15~20k range u must go for HD 4870 perhaps for a 1GB DDR5 model,its better than gtx260 in every sense. and it costs less.that way u can save money and put in mobo if u like.

theitwares prices-

gecube HD4870 -17000/-+shipping.
POV 260gtx-19500/-+shipping.

lynx prices-
sapphire HD4870 -16755/- + 670/-(4%VAT)+150/-=17575/-
zotac gtx260 -18236/- + 730 (4%VAT)+150/-=19115/-

clearly the difference is 2.5k in both the cards

and for hd4870 performs much better than gtx260 and costs 2.5k less convince urself at 

link - *www.tomshardware.com/reviews/radeon-hd-4870,1964-7.html



> wat i was thinking was of buying nVidia (9800GTX+ or GTX 260) cuz nost games r supported by nVidia.



seriously dude which age u are living in ??

tell me a game not supported by ATI and is supported by nVidia....please.

kolkata is tricky place to get the brands,i suggest u ask for fellow forum members from kolkata they will help u out.

so i will suggest u a HD4870 anyday ...its much faster than gtx260 thanks to DDR5 memory which gtx260 lacks.

if u still want to pay more and stick with nvidia its ur choice.


----------



## acewin (Aug 25, 2008)

ingame his hell's idea is lil different as I see.
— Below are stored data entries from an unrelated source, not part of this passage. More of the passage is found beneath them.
Lemma sum2 (F : 'I_2 -> C) : \sum_(i < 2) F i = F i0 + F i1.
Proof. by rewrite !big_ord_recl big_ord0 addr0; congr (F _ + F _); apply/val_inj. Qed.

Lemma mulmx2 a b c e a' b' c' e' :
  mx2 a b c e *m mx2 a' b' c' e' =
  mx2 (a * a' + b * c') (a * b' + b * e') (c * a' + e * c') (c * b' + e * e').
Proof. by apply: mx2P; rewrite !mxE sum2 !mxE. Qed.

Lemma trmx2 a b c e : (mx2 a b c e)^T = mx2 a c b e.
Proof. by apply: mx2P; rewrite !mxE. Qed.

Lemma map_mx2 (f : C -> C) a b c e : map_mx f (mx2 a b c e) = mx2 (f a) (f b) (f c) (f e).
Proof. by apply: mx2P; rewrite !mxE. Qed.

Lemma addmx2 a b c e a' b' c' e' :
  mx2 a b c e + mx2 a' b' c' e' = mx2 (a + a') (b + b') (c + c') (e + e').
Proof. by apply: mx2P; rewrite !mxE. Qed.

Lemma submx2 a b c e a' b' c' e' :
  mx2 a b c e - mx2 a' b' c' e' = mx2 (a - a') (b - b') (c - c') (e - e').
Proof. by apply: mx2P; rewrite !mxE. Qed.

Lemma scalemx2 k a b c e : k *: mx2 a b c e = mx2 (k * a) (k * b) (k * c) (k * e).
Proof. by apply: mx2P; rewrite !mxE. Qed.

Lemma det_mx2 a b c e : \det (mx2 a b c e) = a * e - b * c.
Proof.
rewrite (expand_det_row _ ord0) sum2 /cofactor !det_mx11 !mxE /=.
by rewrite addn0 add0n expr0 expr1 mul1r; ring.
Qed.

Lemma det_mx2N (M : 'M[C]_2) : \det (- M) = \det M.
Proof.
have [a [b [c [e ->]]]] := mx2_exists M.
rewrite (_ : - _ = mx2 (- a) (- b) (- c) (- e)) ?det_mx2; first by ring.
by apply: mx2P; rewrite !mxE.
Qed.

Lemma det_parallelogram (A B : 'M[C]_2) :
  \det (A + B) + \det (A - B) = 2%:R * \det A + 2%:R * \det B.
Proof. by rewrite (mx2_eta A) (mx2_eta B) addmx2 submx2 !det_mx2; ring. Qed.

Definition cv2 (x y : C) : 'cV[C]_2 := \col_(i < 2) (if i == i0 then x else y).

Lemma cv2_eta (w : 'cV[C]_2) : w = cv2 (w i0 0) (w i1 0).
Proof. by apply/matrixP => i j; rewrite mxE (ord1 j); case: (ord2P i) => ->. Qed.

Lemma cv2_eq0 x y : (cv2 x y == 0) = (x == 0) && (y == 0).
Proof.
apply/eqP/andP => [E | [/eqP-> /eqP->]].
  by split; apply/eqP; [move/matrixP/(_ i0 0): E | move/matrixP/(_ i1 0): E]; rewrite !mxE.
by apply/matrixP => i j; rewrite !mxE; case: ifP.
Qed.

Lemma hform_cv2 a b c e x y :
  hform (mx2 a b c e) (cv2 x y) = a * x * cj x + b * x * cj y + c * y * cj x + e * y * cj y.
Proof. by rewrite /hform !mxE sum2 !mxE !sum2 !mxE /=; ring. Qed.

Lemma hformZ (A : 'M[C]_2) k w : hform A (k *: w) = k * cj k * hform A w.
Proof.
rewrite (cv2_eta w) (mx2_eta A).
have -> : k *: cv2 (w i0 0) (w i1 0) = cv2 (k * w i0 0) (k * w i1 0).
  by apply/matrixP => i j; rewrite !mxE; case: ifP.
by rewrite !hform_cv2 !rmorphM; ring.
Qed.

Lemma hformD (A B : 'M[C]_2) w : hform (A + B) w = hform A w + hform B w.
Proof. by rewrite /hform mulmxDr mulmxDl mxE. Qed.

Lemma hformB (A B : 'M[C]_2) w : hform (A - B) w = hform A w - hform B w.
Proof. by rewrite /hform mulmxBr mulmxBl !mxE. Qed.

Lemma ctrmxD (A B : 'M[C]_2) : ctrmx (A + B) = ctrmx A + ctrmx B.
Proof. by apply/matrixP => i j; rewrite !mxE rmorphD. Qed.

Lemma ctrmxB (A B : 'M[C]_2) : ctrmx (A - B) = ctrmx A - ctrmx B.
Proof. by apply/matrixP => i j; rewrite !mxE rmorphB. Qed.

Lemma hermD (A B : 'M[C]_2) : ctrmx A = A -> ctrmx B = B -> ctrmx (A + B) = A + B.
Proof. by move=> hA hB; rewrite ctrmxD hA hB. Qed.

Lemma hermB (A B : 'M[C]_2) : ctrmx A = A -> ctrmx B = B -> ctrmx (A - B) = A - B.
Proof. by move=> hA hB; rewrite ctrmxB hA hB. Qed.

Lemma ctrmx_mul (A B : 'M[C]_2) : ctrmx (A *m B) = ctrmx B *m ctrmx A.
Proof. by rewrite /ctrmx trmx_mul map_mxM. Qed.

Lemma herm_mx2 (M : 'M[C]_2) : ctrmx M = M ->
  [/\ M = mx2 (M i0 i0) (M i0 i1) (cj (M i0 i1)) (M i1 i1),
      cj (M i0 i0) = M i0 i0 & cj (M i1 i1) = M i1 i1].
Proof.
move=> H; have E i j : cj (M j i) = M i j by rewrite -{2}H !mxE.
by split; rewrite ?E // {1}(mx2_eta M) -[M i1 i0]E.
Qed.

Definition pullback (g F : 'M[C]_2) : 'M[C]_2 := g^T *m F *m map_mx cj g.

Lemma pullback_mx2 a b c e f0 f1 f2 f3 :
  pullback (mx2 a b c e) (mx2 f0 f1 f2 f3) =
  mx2 (a * f0 * cj a + c * f2 * cj a + a * f1 * cj c + c * f3 * cj c)
      (a * f0 * cj b + c * f2 * cj b + a * f1 * cj e + c * f3 * cj e)
      (b * f0 * cj a + e * f2 * cj a + b * f1 * cj c + e * f3 * cj c)
      (b * f0 * cj b + e * f2 * cj b + b * f1 * cj e + e * f3 * cj e).
Proof. by rewrite /pullback trmx2 map_mx2 !mulmx2; congr mx2; ring. Qed.

Lemma hform_pullback g F w : hform (pullback g F) w = hform F (g *m w).
Proof. by rewrite /hform trmx_mul map_mxM !mulmxA. Qed.

Lemma det_pullback g F : \det (pullback g F) = \det g * cj (\det g) * \det F.
Proof. by rewrite /pullback !det_mulmx det_tr det_map_mx mulrAC. Qed.

Lemma ctrmx_pullback g F : ctrmx (pullback g F) = pullback g (ctrmx F).
Proof.
rewrite /ctrmx /pullback !trmx_mul !map_mxM trmxK !mulmxA map_trmx.
by congr (_ *m _ *m _); apply/matrixP => i j; rewrite !mxE; apply: conjCK.
Qed.

Lemma pullbackZ g k F : pullback g (k *: F) = k *: pullback g F.
Proof. by rewrite /pullback -scalemxAr -scalemxAl. Qed.

Lemma ctrmx_mul_pullback (S A : 'M[C]_2) : ctrmx S *m A *m S = pullback (map_mx cj S) A.
Proof.
rewrite /pullback /ctrmx map_trmx; congr (_ *m _ *m _).
by apply/matrixP => i j; rewrite !mxE conjCK.
Qed.

Lemma hform_pullback_adj S A y :
  hform (pullback S A) (\adj S *m y) = \det S * cj (\det S) * hform A y.
Proof. by rewrite hform_pullback mulmxA mul_mx_adj mul_scalar_mx hformZ. Qed.

(** * The ring of integers O_d *)

Section IntegersOfQsqrtmd.
Variable d : nat.
Local Notation dl := (sqrt_md d).
Local Notation w := (omega d).

Lemma sqrt_md_sqr : dl * dl = - d%:R.
Proof. by rewrite -expr2 sqrtCK. Qed.

Lemma conj_sqrt_md : cj dl = - dl.
Proof.
have : (cj dl - dl) * (cj dl + dl) = 0.
  have E : cj dl * cj dl = dl * dl by rewrite -rmorphM sqrt_md_sqr rmorphN rmorph_nat.
  by rewrite mulrDr !mulrBl E [dl * cj dl]mulrC; ring.
move/eqP; rewrite mulf_eq0 subr_eq0 addr_eq0 => /orP[/eqP real_dl | /eqP //].
have : 0 <= dl * cj dl by apply: mul_conjC_ge0.
rewrite real_dl sqrt_md_sqr oppr_ge0 lern0 => /eqP d0.
by rewrite /sqrt_md d0 oppr0 sqrtC0 oppr0.
Qed.

Lemma omega_tr_norm : exists t n : int, w + cj w = t%:~R /\ w * cj w = n%:~R.
Proof.
rewrite /omega; case: ifP => [/eqP d3 | _].
- have Hd : (d%:R : C) = 4%:R * (d %/ 4)%:R + 3%:R by rewrite {1}(divn_eq d 4) d3 natrD natrM mulrC.
  exists 1, ((d %/ 4)%:Z + 1); rewrite rmorphM rmorphD fmorphV /= rmorph1 rmorph_nat conj_sqrt_md.
  split; first by field.
  rewrite intrD /=; apply: (@eq_trans _ _ ((1 - dl * dl) / 4%:R)); first by field.
  by rewrite sqrt_md_sqr Hd; field.
- exists 0, d%:Z; rewrite conj_sqrt_md mulrN sqrt_md_sqr opprK.
  by split; first rewrite subrr.
Qed.

Lemma omega_sub_conj : exists e : int, w - cj w = e%:~R * dl.
Proof.
rewrite /omega; case: ifP => _.
- exists 1; rewrite rmorphM rmorphD fmorphV /= rmorph1 rmorph_nat conj_sqrt_md.
  by field.
- by exists 2; rewrite conj_sqrt_md opprK mulr2n mulrDl mul1r.
Qed.

Lemma Od_int (n : int) : in_Od d n%:~R.
Proof. by exists n, 0; rewrite mul0r addr0. Qed.

Lemma Od_add x y : in_Od d x -> in_Od d y -> in_Od d (x + y).
Proof. by move=> [a [b ->]] [a' [b' ->]]; exists (a + a'), (b + b'); rewrite !intrD; ring. Qed.

Lemma Od_opp x : in_Od d x -> in_Od d (- x).
Proof. by move=> [a [b ->]]; exists (- a), (- b); rewrite !intrN; ring. Qed.

Lemma Od_sub x y : in_Od d x -> in_Od d y -> in_Od d (x - y).
Proof. by move=> Hx /Od_opp; apply: Od_add. Qed.

Lemma Od_mul x y : in_Od d x -> in_Od d y -> in_Od d (x * y).
Proof.
move=> [a [b ->]] [a' [b' ->]]; have [t [n [Ht Hn]]] := omega_tr_norm.
have w2 : w * w = t%:~R * w - n%:~R by rewrite -Ht -Hn; ring.
exists (a * a' - b * b' * n), (a * b' + a' * b + b * b' * t); rewrite !(intrD, intrN, intrM).
transitivity (a%:~R * a'%:~R + (a%:~R * b'%:~R + a'%:~R * b%:~R) * w
              + b%:~R * b'%:~R * (w * w) : C).
  by ring.
by rewrite w2; ring.
Qed.

Lemma Od_conj x : in_Od d x -> in_Od d (cj x).
Proof.
move=> [a [b ->]]; have [t [n [Ht _]]] := omega_tr_norm.
exists (a + b * t), (- b); rewrite rmorphD rmorphM /= !rmorph_int !(intrD, intrN, intrM).
by rewrite (_ : cj w = t%:~R - w); [ring | rewrite -Ht; ring].
Qed.

Lemma Od_norm x : in_Od d x -> exists n : int, x * cj x = n%:~R.
Proof.
move=> [a [b ->]]; have [t [n [Ht Hn]]] := omega_tr_norm.
exists (a * a + a * b * t + b * b * n); rewrite rmorphD rmorphM /= !rmorph_int !(intrD, intrM).
transitivity (a%:~R * a%:~R + a%:~R * b%:~R * (w + cj w) + b%:~R * b%:~R * (w * cj w) : C).
  by ring.
by rewrite Ht Hn.
Qed.

Lemma Od_sub_conj x : in_Od d x -> exists e : int, x - cj x = e%:~R * dl.
Proof.
move=> [a [b ->]]; have [e He] := omega_sub_conj.
exists (b * e); rewrite rmorphD rmorphM /= !rmorph_int intrM.
by transitivity (b%:~R * (w - cj w) : C); [ring | rewrite He; ring].
Qed.

End IntegersOfQsqrtmd.

Section Congruence.
Variable d : nat.
Local Notation dl := (sqrt_md d).

Definition dform (x y z : int) : 'M[C]_2 :=
  mx2 (d%:R * x%:~R) (dl * y%:~R) (- (dl * y%:~R)) (d%:R * z%:~R).

Lemma dform_herm x y z : ctrmx (dform x y z) = dform x y z.
Proof.
rewrite /ctrmx trmx2 map_mx2 /dform !rmorphM rmorphN rmorphM /= conj_sqrt_md !rmorph_int rmorph_nat.
by congr mx2; ring.
Qed.

Lemma hform_dform_Od x y z p q : in_Od d p -> in_Od d q ->
  exists k : int, hform (dform x y z) (cv2 p q) = d%:R * k%:~R.
Proof.
move=> Op Oq; have [np Np] := Od_norm Op; have [nq Nq] := Od_norm Oq.
have [e Ee] := Od_sub_conj (Od_mul Op (Od_conj Oq)); rewrite rmorphM /= conjCK in Ee.
exists (x * np + z * nq - y * e); rewrite /dform hform_cv2.
transitivity (d%:R * x%:~R * (p * cj p) + d%:R * z%:~R * (q * cj q)
              + dl * y%:~R * (p * cj q - cj p * q)); first by ring.
by rewrite Np Nq Ee !(intrD, intrB, intrM); ring: (sqrt_md_sqr d).
Qed.

(* The off-diagonal entry is congruent to [sqrt_md d * y] modulo [d] because [\det g = 1]
   and [g] is congruent to its conjugate modulo [sqrt_md d]. *)
Lemma det_pullback_sub_dform (x y z : int) g : in_SL2Od d g ->
  exists l : int, \det (pullback g (dform x y z) - dform x y z) = (d%:Z * d%:Z * l)%:~R.
Proof.
move=> [Og detg]; set M := pullback g _ - _.
have hermM : ctrmx M = M by apply: hermB; rewrite ?ctrmx_pullback dform_herm.
have [-> _ _] := herm_mx2 hermM; rewrite det_mx2 /M {M hermM}.
have [a [b [c [e Eg]]]] := mx2_exists g; subst g; rewrite det_mx2 in detg.
have [Oa Ob Oc Oe] : [/\ in_Od d a, in_Od d b, in_Od d c & in_Od d e].
  by split; [move: (Og i0 i0) | move: (Og i0 i1) | move: (Og i1 i0) | move: (Og i1 i1)];
     rewrite mxE.
have [k0 K0] := hform_dform_Od x y z Oa Oc; have [k1 K1] := hform_dform_Od x y z Ob Oe.
have [eb Eb] := Od_sub_conj Ob; have [ee Ee] := Od_sub_conj Oe.
pose w := x%:~R * a * cj b + z%:~R * c * cj e - y%:~R * (c * eb%:~R - a * ee%:~R).
have Ow : in_Od d w.
  have Oint := Od_int d.
  exact: Od_sub (Od_add (Od_mul (Od_mul (Oint x) Oa) (Od_conj Ob))
                        (Od_mul (Od_mul (Oint z) Oc) (Od_conj Oe)))
                (Od_mul (Oint y) (Od_sub (Od_mul Oc (Oint eb)) (Od_mul Oa (Oint ee)))).
have [n Nw] := Od_norm Ow.
rewrite /dform pullback_mx2 !mxE /=.
have M00 : a * (d%:R * x%:~R) * cj a + c * - (dl * y%:~R) * cj a + a * (dl * y%:~R) * cj c
    + c * (d%:R * z%:~R) * cj c - d%:R * x%:~R = d%:R * (k0 - x)%:~R.
  by rewrite intrB mulrBr -K0 /dform hform_cv2; ring.
have M11 : b * (d%:R * x%:~R) * cj b + e * - (dl * y%:~R) * cj b + b * (dl * y%:~R) * cj e
    + e * (d%:R * z%:~R) * cj e - d%:R * z%:~R = d%:R * (k1 - z)%:~R.
  by rewrite intrB mulrBr -K1 /dform hform_cv2; ring.
have M01 : a * (d%:R * x%:~R) * cj b + c * - (dl * y%:~R) * cj b + a * (dl * y%:~R) * cj e
    + c * (d%:R * z%:~R) * cj e - dl * y%:~R = d%:R * w.
  transitivity (d%:R * (x%:~R * a * cj b + z%:~R * c * cj e)
                + dl * y%:~R * ((a * e - b * c) - a * (e - cj e) + c * (b - cj b)) - dl * y%:~R).
    by ring.
  by rewrite detg Ee Eb /w; ring: (sqrt_md_sqr d).
exists ((k0 - x) * (k1 - z) - n).
by rewrite M00 M11 M01 rmorphM /= rmorph_nat !(intrB, intrM); ring: Nw.
Qed.
End Congruence.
He is selling IP35E mobo and buying any P45 mobo, and latter on when nahelam comes he already has any of his mate to buy that P45 mobo(this person does not want P35 mobo), all this said if I understood it correctly.


----------



## nish_higher (Aug 25, 2008)

AMD representatives reported yesterday the absence of plans with respect to the realization of CUDA support and PhysX in future video cards. Yesterday appeared the possibility of accelerating PHYsX by radeon HD video cards with the aid of modified drivers. Using the drivers physX 8.06.12, which ensure physX support for NVIDIA video card. After a certain modification, as reports associate, these drivers can be forced to accelerate physical effects using radeon HD 3870. The support of radeon HD 48xx is not realized, since the author does not have any model for experiments.



In 3DMark vantage with radeon HD 3870 and modified drivers it was possible to increase the result by 10-12% in comparison with the same configuration but without physX support . The work on drivers continues, and new revelations on this theme will appear within the next few days.


----------



## hellgate (Aug 25, 2008)

imgame2 said:


> seriously dude which age u are living in ??
> 
> tell me a game not supported by ATI and is supported by nVidia....please.


 
u got me all wrong buddy.by support i meant that most games come with the 'The way its meant to be played' logo ,i.e nVidia sponsors them and maybe the games r optimised to run better on nVidia cards.
now hen did i say that games wont run on ATi cards cuz nVidia supports them.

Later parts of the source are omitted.